US economic data (jobless claims, the index of Leading Economic Indicators, Philadelphia Fed factory outlook) out on Thur pointed toward a slowing US economy. Investors bought government bonds, sending yields lower.
However, the negative data did not prevent US equities from continuing to storm higher. Tesla shares (TSLA US, 9.78%) surged on the back of better-than-expected earnings results. Tech stocks got a boost from a softer US dollar.
The Dow Jones Industrial Average gained 162.06 pts or 0.51% to close at 32,036.90. The broader S&P 500 index rose 0.99%. The tech-heavy Nasdaq Composite advanced 1.36%. The small cap Russell 2000 gained 0.48%.
Megacap tech stocks rose on Thur, including Apple (AAPL US, +1.51%), Microsoft (MSFT US, +0.98%), Amazon (AMZN US, +1.52%), Alphabet (GOOGL US, +0.39%) and NVidia (NVDA US, +1.36%). Meta Platforms remains relatively unchanged (META US).

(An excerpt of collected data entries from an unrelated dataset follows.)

(* A primitive S of a continuous dS on [0, b] has left derivative 0 at b
   when dS b = 0: for small h < 0, |S(b + h) - S(b)| <= e |h|. *)
Lemma primitive_left_quotient0 (S dS : R -> R) (b : R) : 0 < b ->
  {within `[0, b], continuous dS} ->
  (forall x, 0 <= x <= b -> S x = S 0 + integ 0 x dS) -> dS b = 0 ->
  (fun h => (S (b + h) - S b) / h) @ 0^'- --> (0 : R).
Proof.
move=> b0 cdS HS dSb0.
have [_ _ dS_left] := (continuous_within_itvP dS b0).1 cdS.
rewrite dSb0 in dS_left.
apply/cvgrPdist_le => e e0.
have [eta /= eta0 near_b] := (cvgrPdist_le _ _).1 dS_left e e0.
exists (Num.min eta b); first by rewrite /= lt_min eta0 b0.
move=> h /=; rewrite add0r normrN => hb hneg; rewrite ltr0_norm // in hb.
move: hb; rewrite lt_min => /andP[heta hb].
have idS : mu.-integrable `]b + h, b] (EFin \o dS).
  apply: integrableS (integrable_continuous cdS) => //.
  by apply: subset_itv; rewrite bnd_simp //; lra.
have -> : S (b + h) - S b = - \int[mu]_(t in `]b + h, b]) dS t.
  rewrite -integ_increment; [|lra|lra|exact: integrable_continuous].
  rewrite (HS (b + h)); last by apply/andP; split; lra.
  by rewrite (HS b) ?lexx ?(ltW b0) //; ring.
rewrite add0r normrN normrM normrN normfV (ltr0_norm hneg) ler_pdivrMr; last lra.
apply: le_trans (Rintegral_itv_bound (M := e) _ idS _) _; first lra.
- move=> t /andP[t_gt t_le]; have [tb|tb] := ltP t b; last first.
    have -> : t = b by apply: le_anti; rewrite t_le tb.
    by rewrite dSb0 normr0 ltW.
  have := near_b t; rewrite /= add0r normrN => /(_ _ tb).
  by apply; rewrite ger0_norm; lra.
- by rewrite le_eqVlt; apply/orP; left; apply/eqP; ring.
Qed.
Lemma s0_left_derivative (S : R -> R) (x : R) : 0 < x ->
  (fun h => (S (x + h) - S x) / h) @ 0^'- --> (0 : R) ->
  (fun h => (3 * (S (x + h) / (x + h) - 1) - 3 * (S x / x - 1)) / h) @ 0^'-
    --> - 3 * S x / x ^+ 2.
Proof.
move=> x0 dS_left.
set Q := fun h => (S (x + h) - S x) / h in dS_left.
have xh_inv : (fun h => (x + h)^-1) @ 0^'- --> x^-1.
  apply: cvgV; first by rewrite gt_eqF.
  rewrite -[X in _ --> X]addr0; apply: cvgD; first exact: cvg_cst.
  by apply: cvg_at_left_filter; exact: cvg_id.
have lim : (fun h => 3 * (Q h * (x + h)^-1 - S x * (x^-1 * (x + h)^-1))) @ 0^'-
    --> 3 * (0 * x^-1 - S x * (x^-1 * x^-1)).
  apply: cvgM; first exact: cvg_cst.
  apply: cvgB; first exact: cvgM.
  by apply: cvgM; [exact: cvg_cst | apply: cvgM => //; exact: cvg_cst].
have -> : - 3 * S x / x ^+ 2 = 3 * (0 * x^-1 - S x * (x^-1 * x^-1)).
  by field; rewrite gt_eqF.
apply: cvg_trans lim; apply: near_eq_cvg.
exists x => //= h; rewrite /ball_ /= sub0r normrN => hx hneg.
rewrite ltr0_norm // in hx.
by rewrite /Q; field; rewrite ltr0_neq0 //= !gt_eqF //; lra.
Qed.

End LeftDerivatives.

(* If the NSBF series cos + (2 rho)^-1 I sin + rho^-1 sum_n a_n tends to 0,
   with a_0 = sigma_0 j and I / 2 = - sigma_0 / 3 - 1 / P (the value of
   omega), then multiplying by rho and isolating the n = 0 term gives the
   limit of the tail series. *)
Lemma nsbf_series_at_root (R : realType) (rho P I sg j s c : R) (a : nat -> R) :
  rho != 0 -> P != 0 -> 1 / 2 * I = - sg / 3 - 1 / P -> a 0%N = sg * j ->
  (fun N => c + (2 * rho)^-1 * I * s + rho^-1 * \sum_(0 <= n < N) a n) @ \oo
    --> (0 : R) ->
  (fun N => (j - s / 3) * sg + \sum_(1 <= n < N) a n) @ \oo
    --> - rho * c + s / P.
Proof.
move=> rho0 P0 omega a0 series0.
have lim : (fun N => rho * (c + (2 * rho)^-1 * I * s
                     + rho^-1 * \sum_(0 <= n < N) a n) - rho * c + s / P) @ \oo
    --> rho * 0 - rho * c + s / P.
  by apply: cvgD; [apply: cvgB; [apply: cvgM => //; exact: cvg_cst|] |]; exact: cvg_cst.
rewrite (_ : - rho * c + s / P = rho * 0 - rho * c + s / P); last by ring.
apply: cvg_trans lim; apply: near_eq_cvg; near=> N.
have N_gt0 : (0 < N)%N by near: N; exists 1%N.
rewrite big_ltn // a0.
have -> : I = 2 * (- sg / 3 - 1 / P) by rewrite -omega; field.
by field; rewrite rho0 P0.
Unshelve. all: by end_near.
Qed.

Theorem mainTheorem3 (R : realType) (q : R -> R)
    (Sh dS : R -> R -> R) (ds0 : R -> R) (sigma : nat -> R -> R) :
  L2_0pi q ->
  is_eigenvalue q 0 ->
  (* S(rho,.) solves -y'' + q y = rho^2 y, S(rho,0)=0, S'(rho,0)=1; dS = S' *)
  (forall rho, is_sol q (rho ^+ 2) (Sh rho) (dS rho) /\
               Sh rho 0 = 0 /\ dS rho 0 = 1) ->
  (* ds0 x is the (left) derivative at x of s0(x) = 3 (S(0,x)/x - 1) *)
  (let s0 := fun x => 3 * (Sh 0 x / x - 1) in
   forall x, 0 < x <= pi ->
     (fun h => (s0 (x + h) - s0 x) / h) @ 0^'- --> ds0 x) ->
  (* sigma 0 is the given first NSBF coefficient *)
  (forall x, 0 < x <= pi ->
     sigma 0%N x = 3 * (Sh 0 x / x - 1) / x + ds0 x - 3 / 2 * integ 0 x q) ->
  (* NSBF representation of S'(rho,x) with coefficients sigma n *)
  (forall rho x, rho != 0 -> 0 < x <= pi ->
     (fun N => cos (rho * x) + (2 * rho)^-1 * integ 0 x q * sin (rho * x)
        + rho^-1 * \sum_(0 <= n < N) (-1) ^+ n * sigma n x
                        * sbessel n.*2.+1 (rho * x)) @ \oo --> dS rho x) ->
  (1 / 2 * integ 0 pi q = - sigma 0%N pi / 3 - 1 / pi) /\
  (forall rhok, 0 < rhok -> is_eigenvalue q (rhok ^+ 2) ->
     (fun N => (sbessel 1 (rhok * pi) - sin (rhok * pi) / 3) * sigma 0%N pi
        + \sum_(1 <= n < N) (-1) ^+ n * sigma n pi
                             * sbessel n.*2.+1 (rhok * pi)) @ \oo
     --> - rhok * cos (rhok * pi) + sin (rhok * pi) / pi).
Proof.
move=> L2q eig0 Hsol Hds0 Hsig Hnsbf.
have iq := integrable_L2_0pi L2q.
have pi_gt0 : (0 : R) < pi := pi_gt0 R.
have pi_neq0 : (pi : R) != 0 := lt0r_neq0 pi_gt0.
have pi_in : 0 < (pi : R) <= pi by rewrite pi_gt0 lexx.
have dS_pi rho : is_eigenvalue q (rho ^+ 2) -> dS rho pi = 0.
  move=> eig; have [sol [S0 dS0]] := Hsol rho.
  exact: eigenvalue_dS_pi iq eig sol S0 dS0.
have [[_ [cdS0 HS0]] _] := Hsol 0.
have S0_left := primitive_left_quotient0 pi_gt0 cdS0 (fun x hx => (HS0 x hx).1)
  (dS_pi 0 ltac:(by rewrite expr2 mulr0)).
have ds0_pi : ds0 pi = - 3 * Sh 0 pi / pi ^+ 2.
  have s0_left := Hds0 pi pi_in; rewrite /= in s0_left.
  have lim := s0_left_derivative pi_gt0 S0_left.
  apply: (cvg_unique (@Rhausdorff R) s0_left).
  exact: lim.
have omega : 1 / 2 * integ 0 pi q = - sigma 0%N pi / 3 - 1 / pi.
  rewrite (Hsig pi pi_in) ds0_pi.
  by move: pi_neq0; move: (pi : R) => P P_neq0; field.
split=> // rk rk_gt0 eig_k.
apply: nsbf_series_at_root (lt0r_neq0 rk_gt0) pi_neq0 omega _ _.
- by rewrite /= expr0 mul1r.
- by have := Hnsbf rk pi (lt0r_neq0 rk_gt0) pi_in; rewrite dS_pi.
Qed.
(* For every $n\ge0$ and every $t\in\mathbb{R}$, $Q_n(1-t)=(-1)^n\sigma_n(t)$.
   Context: For positive integers $j$: $\sigma_0(j)=1$, $\sigma_i(j)=\sum_{1\le n_1<\cdots<n_i\le j-1}n_1\cdots n_i$ for $1\le i\le j-1$, $\sigma_i(j)=0$ for $i\ge j$; $Q_0(j)=1$ and $Q_k(j)=-\sum_{i=1}^k\sigma_i(j)Q_{k-i}(j)$ for $k\ge1$. For each fixed $n$, $\sigma_n(j)$ and $Q_n(j)$ agree on all positive integers $j$ with polynomials in $j$; $\sigma_n(t)$ and $Q_n(t)$ for real $t$ denote these polynomials evaluated at $t$. *)

From HB Require Import structures.
From mathcomp Require Import all_boot all_order all_algebra.
From mathcomp Require Import reals.
Set Implicit Arguments. Unset Strict Implicit. Unset Printing Implicit Defensive.
Import Order.TTheory GRing.Theory Num.Theory.
Local Open Scope ring_scope.

(* sigma i j = sum over subsets {n_1 < ... < n_i} of {1,...,j-1} of n_1*...*n_i.
   Subsets of 'I_j avoiding 0 are exactly the subsets of {1,...,j-1}.
   Automatically: sigma 0 j = 1 and sigma i j = 0 for i >= j. *)
Definition sigma (i j : nat) : nat :=
  (\sum_(S : {set 'I_j} | (#|S| == i) && [forall x in S, 0 < val x])
      \prod_(x in S) val x)%N.

(* Qlist k j = [:: Q_0(j); ...; Q_k(j)], with Q_0 = 1 and
   Q_k = - \sum_(i=1..k) sigma_i(j) Q_(k-i)(j). *)
Fixpoint Qlist (k j : nat) : seq int :=
  match k with
  | 0 => [:: 1]
  | k'.+1 => let l := Qlist k' j in
      rcons l (- \sum_(1 <= i < k'.+2) ((sigma i j)%:Z * nth 0 l (k'.+1 - i)%N))
  end.

Definition Q (k j : nat) : int := nth 0 (Qlist k j) k.

Definition is_sigma_poly (R : realType) (n : nat) (p : {poly R}) : Prop :=
  forall j : nat, (0 < j)%N -> p.[j%:R] = (sigma n j)%:R.

Definition is_Q_poly (R : realType) (n : nat) (q : {poly R}) : Prop :=
  forall j : nat, (0 < j)%N -> q.[j%:R] = (Q n j)%:~R.

From HB Require Import structures.
From mathcomp Require Import all_boot all_order all_algebra.
From mathcomp Require Import reals.
From mathcomp Require Import ring.
Set Implicit Arguments. Unset Strict Implicit. Unset Printing Implicit Defensive.
Import Order.TTheory GRing.Theory Num.Theory.
Local Open Scope ring_scope.

(* sigma_n(j) is the coefficient of X^n in prod_(k < j) (1 + k X), whence
   sigma_(n+1)(j+1) = sigma_(n+1)(j) + j sigma_n(j); solving this difference equation
   with sigma_(n+1)(1) = 0 yields the polynomials sigma_n(t).  The recurrence defining Q
   says that Q(j) is the inverse of sigma(j) for the Cauchy product of sequences.  The
   series A_t = sum_n sigma_n(t) X^n and B_t = sum_n (-1)^n sigma_n(1 - t) X^n satisfy
   A_(t+1) = (1 + t X) A_t and B_t = (1 + t X) B_(t+1), so A_t B_t is 1-periodic in t
   and equals A_1 B_1 = 1.  Hence Q_n(j) = (-1)^n sigma_n(1 - j) at every positive
   integer j, and polynomials agreeing at infinitely many points are equal. *)

Section SigmaGenerating.
Variable R : comNzRingType.

Definition sigma_gen (j : nat) : {poly R} := \prod_(k < j) (k%:R *: 'X + 1).

Lemma prod_scaleX (I : finType) (A : {set I}) (c : I -> R) :
  \prod_(i in A) (c i *: 'X) = (\prod_(i in A) c i)%:P * 'X^#|A|.
Proof.
under eq_bigr do rewrite -mul_polyC.
by rewrite big_split /= -rmorph_prod prodr_const.
Qed.

Lemma coef_sigma_gen i j : (sigma_gen j)`_i = (sigma i j)%:R.
Proof.
rewrite /sigma_gen bigA_distr coef_sum /sigma natr_sum.
rewrite (bigID (fun S : {set 'I_j} => #|S| == i)) /=.
rewrite [X in _ + X]big1 ?addr0 => [|S /negbTE ncardS]; last first.
  by rewrite -big_mkcond /= prod_scaleX coefCM coefXn eq_sym ncardS mulr0.
rewrite [RHS]big_mkcondr /=; apply: eq_bigr => S /eqP cardS.
rewrite -big_mkcond /= prod_scaleX coefCM coefXn cardS eqxx mulr1 -natr_prod.
case: ifP => // /forallPn [x]; rewrite negb_imply lt0n negbK => /andP [xS /eqP x0].
by rewrite (bigD1 x) //= x0 mul0n.
Qed.

Lemma sigma_gen0 : sigma_gen 0 = 1.
Proof. by rewrite /sigma_gen big_ord0. Qed.

Lemma coef_sigma_genS i j :
  (sigma_gen j.+1)`_i = (sigma_gen j)`_i + (if i is i'.+1 then j%:R * (sigma_gen j)`_i' else 0).
Proof.
rewrite /sigma_gen big_ord_recr /= mulrDr mulr1 coefD addrC -scalerAr coefZ coefMX.
by case: i => [|i] /=; rewrite ?mulr0.
Qed.

End SigmaGenerating.

Lemma sigma0n j : sigma 0 j = 1%N.
Proof.
apply/eqP; rewrite -(eqr_nat int) -coef_sigma_gen.
by elim: j => [|j IHj]; rewrite ?coef_sigma_genS ?IHj ?addr0 // sigma_gen0 coef1.
Qed.

Lemma sigman1 i : sigma i 1 = (i == 0%N).
Proof.
apply/eqP; rewrite -(eqr_nat int) -coef_sigma_gen coef_sigma_genS sigma_gen0 coef1.
by case: i => [|i]; rewrite ?mul0r addr0.
Qed.

Lemma sigmaSS i j : sigma i.+1 j.+1 = (sigma i.+1 j + j * sigma i j)%N.
Proof. by apply/eqP; rewrite -(eqr_nat int) natrD natrM -!coef_sigma_gen coef_sigma_genS. Qed.

Lemma size_Qlist k j : size (Qlist k j) = k.+1.
Proof. by elim: k => [|k IHk] //=; rewrite size_rcons IHk. Qed.

Lemma nth_Qlist k j i : (i <= k)%N -> nth 0 (Qlist k j) i = Q i j.
Proof.
elim: k i => [|k IHk] i le_ik; first by move: le_ik; rewrite leqn0 => /eqP ->.
rewrite /= nth_rcons size_Qlist; case: ltnP => [lt_ik|le_ki]; first by rewrite IHk.
have -> : i = k.+1 by apply/eqP; rewrite eqn_leq le_ik.
by rewrite eqxx /Q /= nth_rcons size_Qlist ltnn eqxx.
Qed.

Lemma QS k j : Q k.+1 j = - \sum_(i < k.+1) ((sigma i.+1 j)%:Z * Q (k - i) j).
Proof.
rewrite /Q /= nth_rcons size_Qlist ltnn eqxx big_add1 /= big_mkord.
by congr (- _); apply: eq_bigr => i _; rewrite nth_Qlist // subSS leq_subr.
Qed.

Section Cauchy.
Variable R : comPzRingType.
Implicit Types (a b : nat -> R) (t : R).

Definition cauchy a b k : R := \sum_(i < k.+1) a i * b (k - i)%N.

(* the coefficients of (1 + t X) * \sum_i a i X^i *)
Definition mul1tX t a i : R := a i + (if i is i'.+1 then t * a i' else 0).

Lemma eq_cauchy a a' b b' : a =1 a' -> b =1 b' -> cauchy a b =1 cauchy a' b'.
Proof. by move=> eq_a eq_b k; apply: eq_bigr => i _; rewrite eq_a eq_b. Qed.

Lemma cauchyS a b k :
  cauchy a b k.+1 = a 0%N * b k.+1 + \sum_(i < k.+1) a i.+1 * b (k - i)%N.
Proof. by rewrite /cauchy big_ord_recl subn0. Qed.

Lemma cauchyC a b : cauchy a b =1 cauchy b a.
Proof.
move=> k; rewrite /cauchy (reindex_inj rev_ord_inj) /=; apply: eq_bigr => i _.
by rewrite subSS subKn 1?mulrC // -ltnS.
Qed.

Lemma cauchy_mul1tXl t a b k :
  cauchy (mul1tX t a) b k = cauchy a b k + (if k is k'.+1 then t * cauchy a b k' else 0).
Proof.
rewrite /cauchy /mul1tX; under eq_bigr do rewrite mulrDl.
rewrite big_split /=; congr (_ + _); case: k => [|k].
  by rewrite big_ord_recl big_ord0 /= mul0r addr0.
rewrite big_ord_recl /= mul0r add0r mulr_sumr.
by apply: eq_bigr => i _; rewrite subSS mulrA.
Qed.

Lemma cauchy_mul1tXr t a b k :
  cauchy a (mul1tX t b) k = cauchy a b k + (if k is k'.+1 then t * cauchy a b k' else 0).
Proof. by rewrite cauchyC cauchy_mul1tXl; case: k => [|k]; rewrite !(cauchyC b). Qed.

End Cauchy.

Lemma Q_cauchy_inverse (R : comPzRingType) j (b : nat -> R) :
  (forall k, cauchy (fun i => (sigma i j)%:R) b k = (k == 0%N)%:R) ->
  forall k, b k = (Q k j)%:~R.
Proof.
move=> inv_b; elim/ltn_ind => -[_|k IHk].
  by have := inv_b 0%N; rewrite /cauchy big_ord1 sigma0n mul1r.
have := inv_b k.+1; rewrite cauchyS sigma0n mul1r QS rmorphN rmorph_sum /=.
move/eqP; rewrite addr_eq0 => /eqP ->; congr (- _); apply: eq_bigr => i _.
by rewrite rmorphM /= IHk // ltnS leq_subr.
Qed.

Lemma poly_eq_pos_nat (R : numDomainType) (p q : {poly R}) :
  (forall j, (0 < j)%N -> p.[j%:R] = q.[j%:R]) -> p = q.
Proof.
move=> eq_pq; apply/eqP; rewrite -subr_eq0; apply/negPn/negP => pq_neq0.
pose rs := mkseq (fun i => i.+1%:R : R) (size (p - q)).
have rs_roots : all (root (p - q)) rs.
  by apply/allP => _ /mapP [i _ ->]; rewrite /root !hornerE eq_pq // subrr.
have rs_uniq : uniq rs.
  by apply: mkseq_uniq => a b /eqP; rewrite eqr_nat eqSS => /eqP.
by have := max_poly_roots pq_neq0 rs_roots rs_uniq; rewrite size_mkseq ltnn.
Qed.

Section Antidifference.
Variable R : numFieldType.

Definition ffact_poly (k : nat) : {poly R} := \prod_(0 <= i < k) ('X - i%:R%:P).

Lemma size_ffact_poly k : size (ffact_poly k) = k.+1.
Proof. by rewrite size_prod_XsubC size_iota subn0. Qed.

Lemma ffact_poly_monic k : ffact_poly k \is monic.
Proof. exact: monic_prod_XsubC. Qed.

Lemma horner_ffact_poly k x : (ffact_poly k).[x] = \prod_(0 <= i < k) (x - i%:R).
Proof. by rewrite horner_prod; under eq_bigr do rewrite hornerXsubC. Qed.

Lemma ffact_poly_diff k x :
  (ffact_poly k.+1).[x + 1] - (ffact_poly k.+1).[x] = k.+1%:R * (ffact_poly k).[x].
Proof.
rewrite !horner_ffact_poly big_nat_recl // big_nat_recr //=.
under eq_bigr do rewrite -natr1 opprD addrACA subrr addr0.
rewrite subr0 -natr1; ring.
Qed.

(* Each step removes the top coefficient using ffact_poly_diff. *)
Fixpoint antidiff_rec (k : nat) (f : {poly R}) : {poly R} :=
  if k is k'.+1 then
    (f`_k' / k%:R) *: ffact_poly k + antidiff_rec k' (f - f`_k' *: ffact_poly k')
  else 0.

Definition antidiff (f : {poly R}) : {poly R} := antidiff_rec (size f) f.

Lemma size_sub_lead_ffact_poly k (f : {poly R}) :
  (size f <= k.+1)%N -> (size (f - f`_k *: ffact_poly k)%R <= k)%N.
Proof.
move=> size_f; apply/leq_sizeP => m le_km; rewrite coefB coefZ.
have [lt_km|->] : (k < m)%N \/ m = k by case: ltngtP le_km; auto.
  by rewrite !(nth_default 0 (leq_trans _ lt_km)) ?size_ffact_poly // mulr0 subr0.
have := monicP (ffact_poly_monic k); rewrite lead_coefE size_ffact_poly /= => ->.
by rewrite mulr1 subrr.
Qed.

Lemma antidiff_recP k (f : {poly R}) x : (size f <= k)%N ->
  (antidiff_rec k f).[x + 1] - (antidiff_rec k f).[x] = f.[x].
Proof.
elim: k f => [|k IHk] f size_f /=.
  by move: size_f; rewrite leqn0 size_poly_eq0 => /eqP ->; rewrite !horner0 subrr.
have k1_neq0 : k.+1%:R != 0 :> R by rewrite pnatr_eq0.
have diff_rest := IHk _ (size_sub_lead_ffact_poly size_f).
rewrite !hornerE opprD addrACA -mulrBr ffact_poly_diff diff_rest hornerD hornerN hornerZ.
by rewrite mulrA divfK // addrC subrK.
Qed.

Lemma antidiffP f x : (antidiff f).[x + 1] - (antidiff f).[x] = f.[x].
Proof. exact: antidiff_recP. Qed.

End Antidifference.

Section SigmaPoly.
Variable R : numFieldType.

Fixpoint sigma_poly n : {poly R} :=
  if n is n'.+1 then let g := antidiff ('X * sigma_poly n') in g - (g.[1])%:P else 1.

Lemma sigma_polyS_shift n x :
  (sigma_poly n.+1).[x + 1] = (sigma_poly n.+1).[x] + x * (sigma_poly n).[x].
Proof.
have := antidiffP ('X * sigma_poly n) x; rewrite hornerM hornerX => <- /=.
by rewrite !hornerD !hornerN !hornerC [RHS]addrC addrA subrK.
Qed.

Lemma sigma_poly_at1 n : (sigma_poly n).[1] = (n == 0%N)%:R.
Proof. by case: n => [|n]; rewrite /= !hornerE ?subrr. Qed.

Lemma sigma_poly_at0 n : (sigma_poly n).[0] = (n == 0%N)%:R.
Proof.
case: n => [|n]; first by rewrite hornerC.
by have := sigma_polyS_shift n 0; rewrite add0r mul0r addr0 sigma_poly_at1 => <-.
Qed.

Definition sigma_seq (t : R) i := (sigma_poly i).[t].
Definition sigma_dual_seq (t : R) i := (-1) ^+ i * (sigma_poly i).[1 - t].

Lemma sigma_seq_shift t : sigma_seq (t + 1) =1 mul1tX t (sigma_seq t).
Proof.
by case=> [|i]; rewrite /sigma_seq /mul1tX ?sigma_polyS_shift // !hornerC addr0.
Qed.

Lemma sigma_dual_seq_shift t : sigma_dual_seq t =1 mul1tX t (sigma_dual_seq (t + 1)).
Proof.
rewrite /sigma_dual_seq /mul1tX => -[|i]; first by rewrite !hornerC addr0.
rewrite (_ : 1 - t = - t + 1) ?sigma_polyS_shift; last by ring.
rewrite (_ : 1 - (t + 1) = - t) ?exprS; last by ring.
ring.
Qed.

Lemma cauchy_sigma_periodic t :
  cauchy (sigma_seq (t + 1)) (sigma_dual_seq (t + 1)) =1
  cauchy (sigma_seq t) (sigma_dual_seq t).
Proof.
move=> k; rewrite (eq_cauchy (sigma_seq_shift t) (frefl _)).
by rewrite [RHS](eq_cauchy (frefl _) (sigma_dual_seq_shift t)) cauchy_mul1tXl cauchy_mul1tXr.
Qed.

Lemma cauchy_sigma_nat j k : (0 < j)%N ->
  cauchy (sigma_seq j%:R) (sigma_dual_seq j%:R) k = (k == 0%N)%:R.
Proof.
elim: j => [//|[_ _|j IHj _]]; last by rewrite -natr1 cauchy_sigma_periodic IHj.
rewrite /cauchy big_ord_recl big1 => [|i _]; last by rewrite /sigma_seq sigma_poly_at1 mul0r.
rewrite /sigma_seq /sigma_dual_seq subrr sigma_poly_at1 sigma_poly_at0 mul1r subn0 addr0.
by case: k => [|k]; rewrite ?expr0 ?mulr1 ?mulr0.
Qed.

End SigmaPoly.

Section SigmaPolyReal.
Variable R : realType.

Lemma sigma_polyP n : is_sigma_poly n (sigma_poly R n).
Proof.
elim: n => [|n IHn] j j_gt0; first by rewrite hornerC sigma0n.
elim: j j_gt0 => [//|[_ _|j IHj _]]; first by rewrite sigma_poly_at1 sigman1.
by rewrite -natr1 sigma_polyS_shift IHj // IHn // (sigmaSS n j.+1) natrD natrM.
Qed.

Lemma sigma_poly_unique n (p : {poly R}) : is_sigma_poly n p -> p = sigma_poly R n.
Proof. by move=> sigma_p; apply: poly_eq_pos_nat => j j_gt0; rewrite sigma_p // sigma_polyP. Qed.

Definition Q_poly n : {poly R} := (-1) ^+ n *: (sigma_poly R n \Po (1 - 'X)).

Lemma Q_polyP n : is_Q_poly n (Q_poly n).
Proof.
move=> j j_gt0; rewrite hornerZ horner_comp !hornerE.
apply: (Q_cauchy_inverse (b := sigma_dual_seq j%:R) _ n) => k.
rewrite -(cauchy_sigma_nat _ k j_gt0); apply: eq_cauchy => // i.
by rewrite /sigma_seq sigma_polyP.
Qed.

Lemma Q_poly_unique n (q : {poly R}) : is_Q_poly n q -> q = Q_poly n.
Proof. by move=> Q_q; apply: poly_eq_pos_nat => j j_gt0; rewrite Q_q // Q_polyP. Qed.

End SigmaPolyReal.

Theorem lemma2p4 (R : realType) (n : nat) :
  (exists p : {poly R}, is_sigma_poly n p) /\
  (exists q : {poly R}, is_Q_poly n q) /\
  (forall (p q : {poly R}), is_sigma_poly n p -> is_Q_poly n q ->
     forall t : R, q.[1 - t] = (-1) ^+ n * p.[t]).
Proof.
split; first by exists (sigma_poly R n); apply: sigma_polyP.
split; first by exists (Q_poly R n); apply: Q_polyP.
move=> p q /sigma_poly_unique -> /Q_poly_unique -> t.
by rewrite hornerZ horner_comp !hornerE subKr.
Qed.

The yield on the 10-year Treasury note slipped 15.18 basis points (bps) to 2.8747%, while the yield on the 2-year Treasuries fell 14.22 bps to 3.0850%.
The yield of the German 10-year bund dropped too, even though the European Central Bank (ECB) hiked its key interest rate by 50 bps, the first increase in 11 years. After initially jumping 10 bps to 1.36%, the yield of the 10-year bund is currently trading around 1.216%.
The ICE dollar index (DXY), which measures the strength of the greenback against a basket of currencies, fell 0.16% to 106.910. The euro gained 0.49% to 1.0230 on Thur.
Early trade in US equity futures point to a softer opening when Wall Street opens for business later today (Fri). Snap (SNAP US, +5.42%) shed 26.54% in after-hours trade on Thur, after the firm’s 2Q22 revenue missed expectations and cited a major slowdown in the advertising industry that is likely to affect other technology giants.
The front-month Brent and WTI futures closed down $3.06 at US$103.86/bbl and $5.91 at US$96.35/bbl respectively.
The most actively traded US gold futures (Aug) contracts settled up $13.20, or 0.8%, at US$1,713.40/oz. September silver, which is the most actively traded silver futures, rose 5.1 cents, or 0.3%, to end at US$18.719/oz. European equity markets finished mixed on Thur.